The Conference on Greenhouse Gas Control Technologies held last fall in Interlaken, Switzerland, revealed that interest in technological solutions to climate change has increased significantly since the Kyoto conference, Framework Convention on Climate Change. The meeting at Interlaken was attended by more than 500 participants, among them ABB CEO Göeran Lindahl, Shell Oil managing director Jeroen von der Veer, and Michael Zammit Cutajar, Executive Secretary of the United Nations Framework Convention on Climate Change.

     "Two years ago, capture and storage could easily be dismissed as something researchers [were] just dreaming of," said Paul Freund, project director at the International Energy Agency's (IEA) Greenhouse Gas R&D Program in Cheltenham, England. Now more and more, researchers see it as one possible option to achieve long-term stabilization of carbon dioxide concentrations. "This is the impulse from Kyoto. Suddenly, things come up that were unthinkable a couple of years ago," explained Baldur Eliasson, head of the Energy and Global Change section of ABB Corporate Research, Ltd., in Baden, Switzerland.

     Projects that offer economic benefit, such as using captured CO2 for enhanced oil recovery or enhanced coalbed methane recovery, are being actively pursued. In Norway, advanced membrane absorption techniques for capture of CO2 from offshore gas turbines are being developed. Financial benefit is being achieved by circumventing the country's high carbon taxes. A similar capture technique, which aims to separate CO2 from cogeneration power plants and then to sell the gas to greenhouse owners, is being explored in The Netherlands.

     The most prominent new development project in power generation technology is under way in Norway. The huge energy, chemicals, and metals conglomerate Norsk Hydro is planning a 1300-megawatt (MW) installed capacity hydrogen power plant. Almost three times the power-generating capacity of a standard European power plant, it will produce 10% of Norway's electricity. The facility will be built at Karmy, on the country's west coast.

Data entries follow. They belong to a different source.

(* Well defined by the representation of clopen up-sets of [D(L)]; the
   default [lbot] is only used when [phi] is not a homomorphism. *)
Definition skel_transpose (phi : A -> dual L -> 'I_n.+1) (s : skel A) : L :=
  epsilon (inhabits lbot)
    (fun l => forall x : dual L, sval x l = (phi (sval s) x == ord_max)).

Lemma power_transpose_phom h : is_skelhom h -> is_phom (power_transpose h).
Proof.
move=> hh; have lh x := level_pmvhom (is_skelhom_at x hh).
split=> [a|a b x|a b x|a b x|a b x|x|x]; last 6 first.
- exact: pmvhom_min (lh x) a b.
- exact: pmvhom_max (lh x) a b.
- exact: pmvhom_odot (lh x) a b.
- exact: pmvhom_oplus (lh x) a b.
- exact: pmvhom_zero (lh x).
- exact: pmvhom_one (lh x).
split=> [V x Vx|x y xy].
- exists [seq h (cut_skel j a) | j <- iota 0 n.+1] => y yx.
  suff -> : power_transpose h a y = power_transpose h a x by [].
  apply: level_ext => j jn; apply: yx.
  by apply: (In_map (fun j => h (cut_skel j a))); rewrite mem_iota.
- have := leqnn (power_transpose h a x).
  rewrite {2}/power_transpose (leq_level (is_skelhom_at x hh)) => /(implyP (xy _)).
  by rewrite -(leq_level (is_skelhom_at y hh)).
Qed.

Section SkelTranspose.
Variables (phi : A -> dual L -> 'I_n.+1) (phi_hom : is_phom phi).

Lemma skel_transposeE s x : sval x (skel_transpose phi s) = (phi (sval s) x == ord_max).
Proof.
move: x; apply: (epsilon_spec (inhabits lbot)
  (fun l => forall x : dual L, sval x l = (phi (sval s) x == ord_max))).
have [cont mono] := phom_in phi_hom (sval s).
apply: clopen_up_rep; last 2 first.
- exact: cont (fun w => is_true (w == ord_max)).
- exact: cont (fun w => is_true (w != ord_max)).
move=> x y /mono xy; rewrite !ord_max_geq => /leq_trans; apply; exact: xy.
Qed.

     Underground storage of CO2 is currently the most advanced storage option. On the basis of two years' experience with CO2 injection into an aquifer under the Norwegian North Sea, an international European research project is establishing guidelines for regulators--a best-practices manual to help them make decisions about future injection projects. Less mature storage options, such as ocean storage, are being investigated further through field experiments and computer simulations.

Hydrogen power looks promising
The Norsk Hydro project will produce hydrogen from natural gas in a reforming process, which is a technology similar to that used for ammonia production. CO2 is produced as a waste product. It will be separated using a conventional chemical absorption process and then pumped into the offshore Grane oilfield for use in enhanced oil-recovery operations. Over a period of 15 years, 4-5 million metric tons of CO2 will be injected at the disposal site. The remaining hydrogen-rich gas stream will serve as a fuel in a combined-cycle power plant, producing electricity without emission of any CO2. The main emission of the power station will be water vapor. Some technical adjustments of existing turbines will be performed to accommodate this use of the hydrogen-rich fuel.

     "What we have here is the idea [that] instead of capturing CO2 from exhaust gases, you do it before you burn," explained Olav Kaarstad, researcher at the Statoil R&D Center in Trondheim, Norway. This is much easier to do because CO2 in the precombustion gas stream is more highly concentrated than in the postcombustion exhaust gases, and no oxygen is present that could degrade the liquid absorbant used to separate the CO2 at this stage of the process.

     Harry Audus, project manager at the IEA Greenhouse Gas Programme, and Olav Bolland, from the Norwegian University of Science and Technology in Trondheim, calculated that the efficiency of a process similar to the Norsk Hydro project would be 49-50%, which is 9% lower than that of a natural gas-fired, combined-cycle power plant without CO2 capture (1, 2). Audus expects the cost of electricity to rise from about 2.5 cents per kilowatt hour to 3.4 cents per kilowatt hour, the increase reflecting the cost of avoiding carbon emissions.

     Why is Norsk Hydro engaging in such a project? There is a need for more electricity production in Norway. For two years the country has had to import more electricity than it exports. Moreover, Norsk Hydro is among the biggest consumers of electricity in Norway--it also produces aluminum and fertilizer and is very dependent on a stable power supply. "We have been holding back investment projects because of the lack of sufficient long-term [power supply] capabilities," explained Tor Steinum, from the Norsk Hydro press office.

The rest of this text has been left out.